Prakasa Babu P, Yoshida Y, Su M, Segura M, Kawamura S, Yasui N
Department of Pathology, Research Institute for Brain and Blood Vessels-Akita, Senshu Kubota Machi, 6-10, 010-0874, Akita, Japan.
Neurosci Lett. 2000 Sep 22;291(3):196-200. doi: 10.1016/s0304-3940(00)01404-x.
Recent studies suggest that mild hypothermia significantly alleviate damage following cerebral ischemia though the precise mechanism is poorly defined.
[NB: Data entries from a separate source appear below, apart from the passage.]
Lemma horner_mx_block_idempotent (E X : M) (alpha : F) :
  E *m E = E -> E *m X = X -> X *m E = 0 ->
  horner_mx (block_mx 0 1%:M (- alpha *: E) (1%:M + X) : 'M_(m.+1 + m.+1))
    (('X * 'X - 'X) * ('X * 'X - 'X + alpha%:P)) = 0.
Proof.
move=> EE EX XE; set R := - alpha *: E.
set D := block_mx 0 1%:M R (1%:M + X) : 'M_(m.+1 + m.+1).
have XX : X *m X = 0 by rewrite -{2}EX mulmxA XE mul0mx.
have RR : R *m R = - alpha *: R by rewrite -scalemxAl -scalemxAr EE.
have RX : R *m X = - alpha *: X by rewrite -scalemxAl EX.
have XR : X *m R = 0 by rewrite -scalemxAr XE scaler0.
have -> : horner_mx D (('X * 'X - 'X) * ('X * 'X - 'X + alpha%:P)) =
    (D *m D - D) *m (D *m D - D + alpha%:M).
  rewrite !rmorphM /= !rmorphD /= !rmorphN /= !rmorphM /=.
  by rewrite horner_mx_X horner_mx_C -!mulmxE.
have -> : D *m D - D = block_mx R X 0 (R + X).
  rewrite mulmx_block opp_block_mx add_block_mx !mulmx0 !mul0mx !mul1mx !mulmx1.
  rewrite mulmxDl mul1mx XR addr0 mulmxDr mulmx1 mulmxDl mul1mx XX addr0.
  rewrite !add0r subr0 subrr.
  by rewrite addrC addKr addrA addrAC addrK.
rewrite (scalar_mx_block m.+1 m.+1 alpha) add_block_mx mulmx_block.
rewrite !addr0 !mulmx0 !mul0mx !mulmxDr !mul_mx_scalar !mulmxDl RR RX XR XX.
rewrite !add0r !addr0 scalerDr addrACA.
by rewrite -!scalerDl addNr !scale0r addr0 block_mx0.
Qed.

End BlockCompanion.

Lemma similar_nil_decomposition (F : fieldType) n (P B Np Dp : 'M[F]_n.+1) p :
  P \in unitmx -> P *m B *m invmx P = Np + Dp -> Np *m Np = 0 ->
  horner_mx Dp p = 0 ->
  exists N D, [/\ B = N + D, N *m N = 0 & horner_mx D p = 0].
Proof.
move=> P_unit BE NN Dp0; exists (invmx P *m Np *m P), (invmx P *m Dp *m P); split.
- by rewrite -mulmxDl -mulmxDr -BE !mulmxA mulVmx // mul1mx mulmxKV.
- by rewrite !mulmxA mulmxK // -(mulmxA (invmx P) Np Np) NN mulmx0 mul0mx.
- by rewrite horner_mx_uconjC // Dp0 mulmx0 mul0mx.
Qed.

Section QuadraticKrylovBasis.
Variables (F : fieldType) (m' : nat).
Local Notation m := m'.+1.
Variables (B : 'M[F]_(m + m)) (v : 'rV[F]_(m + m)) (y : F).
Hypothesis v_cyclic : cyclic_vector B v.

Definition quad : {poly F} := 'X * ('X - y%:P).

Lemma size_quad : size quad = 3%N.
Proof. by rewrite size_mul ?polyX_eq0 ?polyXsubC_eq0 // size_polyX size_XsubC. Qed.

Definition quad_powers : 'M[F]_(m, m + m) :=
  \matrix_(j < m) (v *m horner_mx B (quad ^+ j)).

(* 'X^2 = quad + y 'X is what puts B in block form in this basis. *)
Definition quad_basis : 'M[F]_(m + m) := col_mx quad_powers (quad_powers *m B).

Lemma mul_quad_powers (c : 'rV[F]_m) :
  c *m quad_powers = v *m horner_mx B (rVpoly c \Po quad).
Proof.
rewrite mulmx_sum_row {2}[c]row_sum_delta !linear_sum /=.
apply: eq_bigr => j _; rewrite rowK linearZ /= rVpoly_delta comp_polyZ.
have -> : 'X^j \Po quad = quad ^+ j by rewrite rmorphXn /= comp_polyX.
by rewrite !linearZ /= rmorphXn.
Qed.

Lemma quad_basis_unit : quad_basis \in unitmx.
Proof.
rewrite unitmxE unitfE; apply/negP => /det0P [x x_neq0].
rewrite -[x]hsubmxK mul_row_col mulmxA !mul_quad_powers -mulmxA.
have -> : forall p, horner_mx B p *m B = horner_mx B (p * 'X).
  by move=> p; rewrite rmorphM /= horner_mx_X.
rewrite -mulmxDr -rmorphD /= => /v_cyclic.
move/(_ (size_comp_quadratic_mulX size_quad (size_poly _ _) (size_poly _ _))).
have rVpoly_eq0 k (u : 'rV[F]_k) : rVpoly u = 0 -> u = 0.
  by move=> u0; rewrite -[u]rVpolyK u0 linear0.
case/(comp_quadratic_mulX_eq0 size_quad) => /rVpoly_eq0 xl0 /rVpoly_eq0 xr0.
by move: x_neq0; rewrite -[x]hsubmxK xl0 xr0 row_mx0 eqxx.
Qed.

Definition quad_conj := quad_basis *m B *m invmx quad_basis.

Lemma mul_quad_basis_inv :
  quad_powers *m invmx quad_basis = row_mx 1%:M 0 /\
  quad_powers *m B *m invmx quad_basis = row_mx 0 1%:M.
Proof.
have := mulmxV quad_basis_unit.
by rewrite mul_col_mx (scalar_mx_block m m 1) /block_mx => /eq_col_mx.
Qed.

Lemma quad_conj_block :
  quad_conj = block_mx 0 1%:M (dlsubmx quad_conj) (drsubmx quad_conj).
Proof.
have top : usubmx quad_conj = row_mx 0 1%:M.
  by rewrite /quad_conj /quad_basis !mul_col_mx col_mxKu (proj2 mul_quad_basis_inv).
by rewrite /block_mx -top /dlsubmx /drsubmx hsubmxK vsubmxK.
Qed.

Lemma row_quad_powers_mulB2 (i : 'I_m) : (i < m')%N ->
  row i (quad_powers *m B *m B) =
  row (inord i.+1) quad_powers + y *: row i (quad_powers *m B).
Proof.
move=> lt_im; rewrite !row_mul !rowK inordK ?ltnS // exprSr rmorphM /= -mulmxE.
have -> : horner_mx B quad = B *m (B - y%:M).
  by rewrite rmorphM /= rmorphB /= horner_mx_X horner_mx_C.
by rewrite mulmxBr mul_mx_scalar mulmxBr -scalemxAr mulmxBr -scalemxAr !mulmxA subrK.
Qed.

Lemma row_drsubmx_quad_conj (i : 'I_m) : i != ord_max ->
  row i (drsubmx quad_conj) = row i y%:M.
Proof.
move=> i_max; have lt_im : (i < m')%N.
  rewrite ltn_neqAle -ltnS ltn_ord andbT; apply: contra i_max => /eqP i_m.
  exact/eqP/val_inj.
have : row i (dsubmx quad_conj) = row_mx (delta_mx 0 (inord i.+1)) (y *: delta_mx 0 i).
  rewrite /quad_conj /quad_basis !mul_col_mx col_mxKd row_mul.
  rewrite row_quad_powers_mulB2 // mulmxDl -scalemxAl -!row_mul.
  have [-> ->] := mul_quad_basis_inv.
  by rewrite !row_row_mx !row1 !row0 scale_row_mx scaler0 add_row_mx addr0 add0r.
rewrite -[dsubmx _]hsubmxK row_row_mx => /eq_row_mx [_ ->].
by rewrite -scalemx1 linearZ /= rowE mulmx1.
Qed.

Lemma mxtrace_quad_conj : \tr B = \tr (drsubmx quad_conj).
Proof.
have -> : \tr B = \tr quad_conj.
  by rewrite /quad_conj mxtrace_mulC mulKmx // quad_basis_unit.
by rewrite {1}quad_conj_block mxtrace_block mxtrace0 add0r.
Qed.

Lemma quad_nil_decomposition :
  exists N D, [/\ B = N + D, N *m N = 0 &
    horner_mx D ('X * (('X - y%:P) * ('X - (\tr B - m'%:R * y)%:P))) = 0].
Proof.
set G := drsubmx quad_conj; have G_rows := row_drsubmx_quad_conj.
have betaE : G ord_max ord_max = \tr B - m'%:R * y.
  by rewrite mxtrace_quad_conj (mxtrace_scalar_outside_last_row G_rows) addrC addKr.
pose Np : 'M_(m + m) := block_mx 0 0 (dlsubmx quad_conj) 0.
pose Dp : 'M_(m + m) := block_mx 0 1%:M 0 G.
have BE : quad_conj = Np + Dp.
  by rewrite {1}quad_conj_block add_block_mx !addr0 !add0r.
have NN : Np *m Np = 0 by rewrite mulmx_block !mulmx0 !mul0mx !addr0 block_mx0.
apply: similar_nil_decomposition quad_basis_unit BE NN _.
by rewrite horner_mx_block_shift -betaE (horner_mx_scalar_outside_last_row G_rows)
  mulmx0 block_mx0.
Qed.

Lemma quad_nil_decomposition_idempotent (alpha : F) : y = 1 -> \tr B = m%:R ->
  exists N D, [/\ B = N + D, N *m N = 0 &
    horner_mx D (('X * 'X - 'X) * ('X * 'X - 'X + alpha%:P)) = 0].
Proof.
move=> y1 trB; set G := drsubmx quad_conj.
pose E : 'M[F]_m := delta_mx ord_max ord_max.
have G_rows := row_drsubmx_quad_conj; rewrite y1 in G_rows.
have beta1 : G ord_max ord_max = 1.
  move: trB; rewrite mxtrace_quad_conj (mxtrace_scalar_outside_last_row G_rows).
  by rewrite mulr1 mulrSr => /addrI.
have EX : E *m (G - 1%:M) = G - 1%:M := delta_max_mul_sub_scalar G_rows.
have XE : (G - 1%:M) *m E = 0.
  by rewrite (sub_scalar_mul_delta_max G_rows) beta1 subrr scale0r.
have EE : E *m E = E by rewrite mul_delta_mx.
pose Np : 'M_(m + m) := block_mx 0 0 (dlsubmx quad_conj + alpha *: E) 0.
pose Dp : 'M_(m + m) := block_mx 0 1%:M (- alpha *: E) (1%:M + (G - 1%:M)).
have BE : quad_conj = Np + Dp.
  rewrite {1}quad_conj_block add_block_mx !addr0 !add0r scaleNr addrK.
  by rewrite addrC subrK.
have NN : Np *m Np = 0 by rewrite mulmx_block !mulmx0 !mul0mx !addr0 block_mx0.
exact: similar_nil_decomposition quad_basis_unit BE NN
  (horner_mx_block_idempotent alpha EE EX XE).
Qed.

End QuadraticKrylovBasis.

Lemma diagonalizable_horner_prod (F : fieldType) n (D : 'M[F]_n.+1) (rs : seq F) :
  uniq rs -> horner_mx D (\prod_(x <- rs) ('X - x%:P)) = 0 ->
  diagonalizable D /\ forall x, eigenvalue D x -> x \in rs.
Proof.
move=> rs_uniq /mxminpoly_min dvd_prod.
split=> [|x]; first by apply/diagonalizableP; exists rs.
by rewrite eigenvalue_root_min => /(root_dvdp dvd_prod); rewrite root_prod_XsubC.
Qed.

Section CharacteristicTwo.
Variables (F : fieldType) (a : F).
Hypotheses (F_char2 : 2 \in [pchar F]) (a_neq0 : a != 0) (a_neq1 : a != 1).

Lemma natr_pchar2 n : n%:R = (odd n)%:R :> F.
Proof.
by rewrite -{1}(odd_double_half n) natrD -addnn natrD (addrr_pchar2 F_char2) addr0.
Qed.

Lemma uniq_four_roots : uniq [:: 0; 1; a; a + 1].
Proof.
have a1_neq0 : a + 1 != 0 by rewrite addr_eq0 (oppr_pchar2 F_char2).
have a1_neq1 : a + 1 != 1 by rewrite -subr_eq0 addrK.
have a_neq_a1 : a != a + 1.
  by rewrite -{1}[a]addr0 (inj_eq (addrI a)) eq_sym oner_neq0.
rewrite /= !inE !negb_or ![0 == _]eq_sym ![1 == _]eq_sym a_neq0 a1_neq0 a_neq1 a1_neq1.
by rewrite a_neq_a1 eq_sym oner_neq0.
Qed.

Lemma prod_four_roots : \prod_(x <- [:: 0; 1; a; a + 1]) ('X - x%:P) =
  ('X * 'X - 'X) * ('X * 'X - 'X + (a * (a + 1))%:P).
Proof.
have X2 : 2 \in [pchar {poly F}] by rewrite pchar_poly.
rewrite !big_cons big_nil mulr1 subr0 mulrA mulrBr polyC1 mulr1; congr (_ * _).
rewrite polyCM polyCD polyC1; set c := a%:P.
rewrite [LHS](_ : _ = 'X * 'X - 'X + c * (c + 1) - (c * 'X) *+ 2); last by ring.
by rewrite mulrn_pchar // subr0.
Qed.

Variables (m' : nat) (B : 'M[F]_(m'.+1 + m'.+1)) (v : 'rV[F]_(m'.+1 + m'.+1)).
Hypotheses (m'_odd : odd m') (v_cyclic : cyclic_vector B v).

Lemma nil_diag_decomposition_trace c : \tr B = c -> c != 0 ->
  exists N D, [/\ B = N + D, N *m N = 0, diagonalizable D &
    forall x, eigenvalue D x -> x \in [:: 0; c; c * a; c * (a + 1)]].
Proof.
move=> trB c_neq0.
have [N [D [BND NN hD]]] := quad_nil_decomposition (c * a) v_cyclic.
have betaE : \tr B - m'%:R * (c * a) = c * (a + 1).
  by rewrite trB natr_pchar2 m'_odd mul1r (oppr_pchar2 F_char2) addrC mulrDr mulr1.
have roots_uniq : uniq [:: 0; c * a; c * (a + 1)].
  rewrite -[0](mulr0 c) (map_inj_uniq (mulfI c_neq0) [:: 0; a; a + 1]).
  apply: subseq_uniq uniq_four_roots.
  by rewrite -[[:: 0; a; a + 1]]/([:: 0] ++ _) subseq_cat2l subseq_cons.
have [|D_diag D_eig] := diagonalizable_horner_prod roots_uniq (D := D).
  by rewrite !big_cons big_nil mulr1 subr0 -betaE.
exists N, D; split => // x /D_eig; apply: mem_subseq.
by rewrite -[[:: 0; _; _]]/([:: 0] ++ _) subseq_cat2l subseq_cons.
Qed.

Lemma nil_diag_decomposition_trace0 : \tr B = 0 ->
  exists N D, [/\ B = N + D, N *m N = 0, diagonalizable D &
    forall x, eigenvalue D x -> x \in [:: 0; 1; a; a + 1]].
Proof.
move=> trB; have [|N [D [BND NN hD]]] :=
  quad_nil_decomposition_idempotent v_cyclic (a * (a + 1)) (erefl 1).
  by rewrite trB natr_pchar2 /= m'_odd.
rewrite -prod_four_roots in hD.
have [D_diag D_eig] := diagonalizable_horner_prod uniq_four_roots hD.
by exists N, D.
Qed.

End CharacteristicTwo.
In the present study, middle cerebral artery occlusion (MCAo) was induced in Sprague-Dawley (SD) rats for 1 h followed by varying periods of reperfusion. Cerebral infarcts identified by hematoxylin & eosin (H&E) staining revealed extensive lesion in normothermic (NT) 37 degrees C and small lesion in hypothermic (HT) 33 degrees C group of rats. Immunohistochemical analysis revealed Bcl-2 was induced in many neurons of HT group, while Bax and cytochrome c was induced in few neurons. In situ detection of DNA fragmentation using 3'-OH end labeling method (terminal dUTP nick-end labelling (TUNEL)) indicated, higher number of TUNEL-positive cells in NT group, but significantly decreased in HT group. The expression pattern revealed many neurons at the penumbra region could survive in HT group whereas, many neurons are committed to die in NT group. Our results suggest that hypothermia is selectively interfering at more than one place and providing protection.
近期研究表明,轻度低温可显著减轻脑缺血后的损伤,尽管确切机制尚不清楚。在本研究中,对Sprague-Dawley(SD)大鼠进行大脑中动脉闭塞(MCAo)1小时,随后进行不同时长的再灌注。通过苏木精和伊红(H&E)染色鉴定的脑梗死显示,在体温正常(NT)37摄氏度的大鼠组中出现广泛损伤,而在体温降低(HT)33摄氏度的大鼠组中损伤较小。免疫组织化学分析显示,HT组的许多神经元中诱导产生了Bcl-2,而Bax和细胞色素c仅在少数神经元中诱导产生。使用3'-OH末端标记法(末端脱氧尿苷三磷酸缺口末端标记法(TUNEL))原位检测DNA片段化表明,NT组中TUNEL阳性细胞数量较多,而HT组中显著减少。表达模式显示,HT组中半暗带区域的许多神经元能够存活,而NT组中的许多神经元则注定死亡。我们的结果表明,低温在多个部位发挥选择性干预作用并提供保护。